Geothermal HVAC Blog

Summer 2006

Well, this has been accomplished. I tested it yesterday. Now during the heating season, if my geothermal HVAC system calls for auxiliary heat or if the emergency heat is required, electric resistance heat run time will be tracked.

What will be displayed on the Live Data page are two variables at the Air Handler display. These two variables are daily run time and total monthly run time.

Now we can see during the course of the winter how much the system actually goes into auxiliary heat. This will also give us an idea of how much this is costing and a ball park as to how much power is being consumed. We will also be able to tie it in with the outdoor temperature, loop temperature, etc.

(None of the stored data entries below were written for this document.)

(* Any finite union of rational convex polyhedra of positive codimension in $\mathbb{R}^n$ (in particular, the union of all cells of any rational polyhedral complex all of whose cells have positive codimension) coincides with a tropical prevariety in $\mathbb{R}^n$.
   Context: A rational convex polyhedron is a set defined by finitely many linear equations and non-strict linear inequalities with integer coefficients. A tropical polynomial $f$ in $n$ variables is a function $f(x)=\min\{L_1(x),\dots,L_m(x)\}$ on $\mathbb{R}^n$, where each $L_j(x)=\sum_{i=1}^n a_{ji}x_i+b_j$ has non-negative integer coefficients $a_{ji}$ and real constant term $b_j$. The tropical hypersurface $V(f)$ is the set of points where this piecewise-linear function is not smooth. A tropical prevariety is a set of the form $V(f_1)\cap\cdots\cap V(f_k)$ for finitely many tropical polynomials. *)

From HB Require Import structures.
From mathcomp Require Import all_boot all_order all_algebra.
From mathcomp Require Import reals.
Set Implicit Arguments. Unset Strict Implicit. Unset Printing Implicit Defensive.
Import Order.TTheory GRing.Theory Num.Theory.
Local Open Scope ring_scope.

(* A linear constraint with integer coefficients: (a, c) encodes a . x  (?)  c. *)
Definition int_constraint (n : nat) := ({ffun 'I_n -> int} * int)%type.

(* A rational convex polyhedron is given by finitely many linear equations
   (first component) and non-strict linear inequalities (second component),
   all with integer coefficients. *)
Definition rat_polyhedron (n : nat) :=
  (seq (int_constraint n) * seq (int_constraint n))%type.

Definition int_form {R : realType} (n : nat) (a : {ffun 'I_n -> int}) (x : 'I_n -> R) : R :=
  \sum_(i < n) (a i)%:~R * x i.

Definition in_polyhedron {R : realType} (n : nat) (P : rat_polyhedron n) (x : 'I_n -> R) : Prop :=
  (forall e, e \in P.1 -> int_form e.1 x = (e.2)%:~R) /\
  (forall e, e \in P.2 -> int_form e.1 x <= (e.2)%:~R).

(* Positive codimension: the affine hull of the set is a proper affine subspace
   of R^n, i.e. the set is contained in some affine hyperplane a . x = c, a <> 0. *)
Definition positive_codim {R : realType} (n : nat) (S : ('I_n -> R) -> Prop) : Prop :=
  exists (a : 'I_n -> R) (c : R), (exists i, a i != 0) /\
    forall x, S x -> \sum_(i < n) a i * x i = c.

Definition trop_term (R : realType) (n : nat) := ({ffun 'I_n -> nat} * R)%type.

Definition eval_term {R : realType} (n : nat) (t : trop_term R n) (x : 'I_n -> R) : R :=
  \sum_(i < n) (t.1 i)%:R * x i + t.2.

Definition trop_poly (R : realType) (n : nat) := seq (trop_term R n).

Definition trop_eval {R : realType} (n : nat) (f : trop_poly R n) (x : 'I_n -> R) : R :=
  match f with
  | [::] => 0
  | t :: ts => foldr (fun s acc => Num.min (eval_term s x) acc) (eval_term t x) ts
  end.

(* A function g : R^n -> R is smooth at x if it is C^oo on a neighbourhood of x.
   For the piecewise-linear functions considered here this means that g agrees
   with an affine function on a neighbourhood of x. *)
Definition pl_smooth_at {R : realType} (n : nat) (g : ('I_n -> R) -> R) (x : 'I_n -> R) : Prop :=
  exists (e : R) (a : 'I_n -> R) (b : R), 0 < e /\
    forall y, (forall i, `|y i - x i| < e) -> g y = \sum_(i < n) a i * y i + b.

Definition trop_hypersurface {R : realType} (n : nat) (f : trop_poly R n) (x : 'I_n -> R) : Prop :=
  ~ pl_smooth_at (trop_eval f) x.

Definition trop_prevariety {R : realType} (n : nat) (fs : seq (trop_poly R n)) (x : 'I_n -> R) : Prop :=
  forall f, f \in fs -> trop_hypersurface f x.

From HB Require Import structures.
From mathcomp Require Import all_boot all_order all_algebra.
From mathcomp Require Import reals ring lra.
From Stdlib Require Import Classical.
Import Order.TTheory GRing.Theory Num.Theory.
Local Open Scope ring_scope.
Set Implicit Arguments. Unset Strict Implicit.

(* A tropical polynomial fails to be smooth exactly where its minimum is attained by two
   terms with different exponent vectors, and this corner locus of a tropical product is the
   union of the corner loci of the factors; so multiplying the polynomials of two prevarieties
   pairwise yields a prevariety for their union.  It remains to treat one polyhedron P of
   positive codimension.  Such a P lies in a hyperplane h . x = c with h integral (otherwise
   a relative-interior point could be moved inside P in the direction of any coordinate).
   Writing h = h+ - h- and r = r+ - r- with nonnegative parts, the hyperplane is the corner
   locus of min(h+ . x, h- . x + c), and on it each constraint r . x <= b of P is the corner
   locus of min(h+ . x + r+ . x, h- . x + r+ . x + c, h+ . x + r- . x + b), whose first two
   terms coincide there. *)

Section SmallEnough.
Variable R : realFieldType.

Definition small_enough (Q : R -> Prop) : Prop :=
  exists2 e : R, 0 < e & forall d, 0 < d -> d <= e -> Q d.

Lemma small_enough_all (T : eqType) (s : seq T) (Q : T -> R -> Prop) :
  (forall r, r \in s -> small_enough (Q r)) ->
  small_enough (fun d => forall r, r \in s -> Q r d).
Proof.
elim: s => [|r s IHs] Qs; first by exists 1.
have [e e0 Qe] := IHs (fun r' sr' => Qs r' (mem_behead (s := r :: s) sr')).
have [e' e'0 Qe'] := Qs r (mem_head r s).
exists (Num.min e e'); first by rewrite lt_min e0 e'0.
move=> d d0; rewrite le_min => /andP[de de'] r'.
by rewrite inE => /predU1P[->|sr']; [apply: Qe' | apply: Qe].
Qed.

Lemma small_enough_mul_le (K s : R) : 0 < s -> small_enough (fun d => K * d <= s).
Proof.
move=> s0; have K1 : 0 < `|K| + 1 by rewrite ltr_wpDl.
exists (s / (`|K| + 1)) => [|d d0 de]; first by rewrite divr_gt0.
have es : s / (`|K| + 1) * (`|K| + 1) = s by rewrite mulfVK ?gt_eqF.
have := ler_norm K; have := normr_ge0 K; nra.
Qed.

Lemma eq_of_le_mul_small (a b e : R) :
  0 < e -> (forall d, `|d| < e -> a * d <= b * d) -> a = b.
Proof.
move=> e0 le_ab; have e2 : 0 < e / 2 by rewrite divr_gt0.
have lt_e : `|e / 2| < e by rewrite gtr0_norm //; lra.
have := le_ab _ lt_e; have := le_ab (- (e / 2)); rewrite normrN => /(_ lt_e).
by rewrite !mulrN lerN2 !(ler_pM2r e2) => ba ab; apply/le_anti; rewrite ab ba.
Qed.

End SmallEnough.

Section TropicalHypersurface.
Variables (R : realType) (n : nat).
Implicit Types (f g : trop_poly R n) (t u v w : trop_term R n) (x y : 'I_n -> R).

Lemma trop_eval_le f t x : t \in f -> trop_eval f x <= eval_term t x.
Proof.
case: f => [//|t0 ts]; elim: ts t => [|s ts IHts] t; first by rewrite inE => /eqP->.
rewrite !inE /= ge_min => /or3P[/eqP->|/eqP->|tts].
- by rewrite IHts ?orbT ?mem_head.
- by rewrite lexx.
- by rewrite IHts ?orbT // inE tts orbT.
Qed.

Lemma trop_eval_attained f x :
  f != [::] -> exists2 t, t \in f & trop_eval f x = eval_term t x.
Proof.
case: f => [//|t0 ts] _; elim: ts => [|s ts [t tf IHt]]; first by exists t0; rewrite ?inE.
move: IHt => /= ->; have [st|ts_lt] := leP (eval_term s x) (eval_term t x).
- by exists s; rewrite ?min_l // !inE eqxx orbT.
- by exists t; rewrite ?min_r ?ltW //; move: tf; rewrite !inE => /orP[]->; rewrite ?orbT.
Qed.

Lemma eq_trop_evalP f t x : t \in f ->
  eval_term t x = trop_eval f x <-> forall t', t' \in f -> eval_term t x <= eval_term t' x.
Proof.
move=> tf; split=> [-> t'|t_min]; first exact: trop_eval_le.
apply/le_anti; rewrite trop_eval_le // andbT.
have [|t' t'f ->] := trop_eval_attained x (f := f); last exact: t_min.
by apply: contraTneq tf => ->.
Qed.

Definition trop_corner f x : Prop :=
  exists t1 t2, [/\ t1 \in f, t2 \in f, eval_term t1 x = trop_eval f x,
                   eval_term t2 x = trop_eval f x & t1.1 != t2.1].

Definition nat_form (p : {ffun 'I_n -> nat}) x : R := \sum_(i < n) (p i)%:R * x i.

Lemma eval_termE t x : eval_term t x = nat_form t.1 x + t.2.
Proof. by []. Qed.

Definition shift x (i : 'I_n) (d : R) : 'I_n -> R := fun j => x j + (j == i)%:R * d.

Lemma linear_form_shift (c : 'I_n -> R) x i d :
  \sum_(j < n) c j * shift x i d j = \sum_(j < n) c j * x j + c i * d.
Proof.
under eq_bigr => j _ do rewrite mulrDr.
rewrite big_split /=; congr (_ + _).
rewrite (bigD1 i) //= eqxx mul1r big1 ?addr0 // => j /negbTE->.
by rewrite mul0r mulr0.
Qed.

Lemma eval_term_shift t x i d :
  eval_term t (shift x i d) = eval_term t x + (t.1 i)%:R * d.
Proof. by rewrite /eval_term linear_form_shift addrAC. Qed.

Lemma pl_smooth_slope f t x (a : 'I_n -> R) b e :
  0 < e -> (forall y, (forall j, `|y j - x j| < e) -> trop_eval f y = \sum_(j < n) a j * y j + b) ->
  t \in f -> eval_term t x = trop_eval f x -> forall i, a i = (t.1 i)%:R.
Proof.
move=> e0 f_affine tf t_min i; apply: (eq_of_le_mul_small e0) => d de.
have near_shift : forall j, `|shift x i d j - x j| < e.
  by move=> j; rewrite /shift addrC addKr; case: (j == i); rewrite ?mul1r ?mul0r ?normr0.
have near_x : forall j, `|x j - x j| < e by move=> j; rewrite subrr normr0.
have := trop_eval_le (shift x i d) tf.
by rewrite f_affine // eval_term_shift t_min f_affine // linear_form_shift addrAC lerD2l.
Qed.

Lemma trop_corner_not_smooth f x : trop_corner f x -> trop_hypersurface f x.
Proof.
move=> [t1 [t2 [t1f t2f t1_min t2_min t12]]] [e [a [b [e0 f_affine]]]].
have slope1 := pl_smooth_slope e0 f_affine t1f t1_min.
have slope2 := pl_smooth_slope e0 f_affine t2f t2_min.
move/negP: t12; apply; apply/eqP/ffunP => i.
by apply/eqP; rewrite -(eqr_nat R) -slope1 slope2.
Qed.

Lemma eval_term_lipschitz t x y (e : R) : (forall j, `|y j - x j| < e) ->
  `|eval_term t y - eval_term t x| <= (\sum_(j < n) (t.1 j)%:R) * e.
Proof.
move=> yx; rewrite /eval_term opprD addrACA subrr addr0 -sumrB mulr_suml.
apply: le_trans (ler_norm_sum _ _ _) _; apply: ler_sum => j _.
by rewrite -mulrBr normrM ger0_norm // ler_wpM2l // ltW.
Qed.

Ok, now I am looking forward to winter!

The 10 temperature sensor assemblies have been completed.

A twisted
pair wire has been soldered to each DS18S20 temperature sensor. Each pin and solder connection on the temperature sensor has been covered with shrink tube.

Each temperature sensor was then covered with 3:1 dual wall shrink tube. Each end was sealed to prevent moisture from contacting the temperature sensor.

The temperature sensor assemblies have been added to the 1-wire system. The temperature values can be seen on the live data monitoring page.

Once the grout material has been received, each sensor assembly will be placed in the copper tube and the copper tube assembly created.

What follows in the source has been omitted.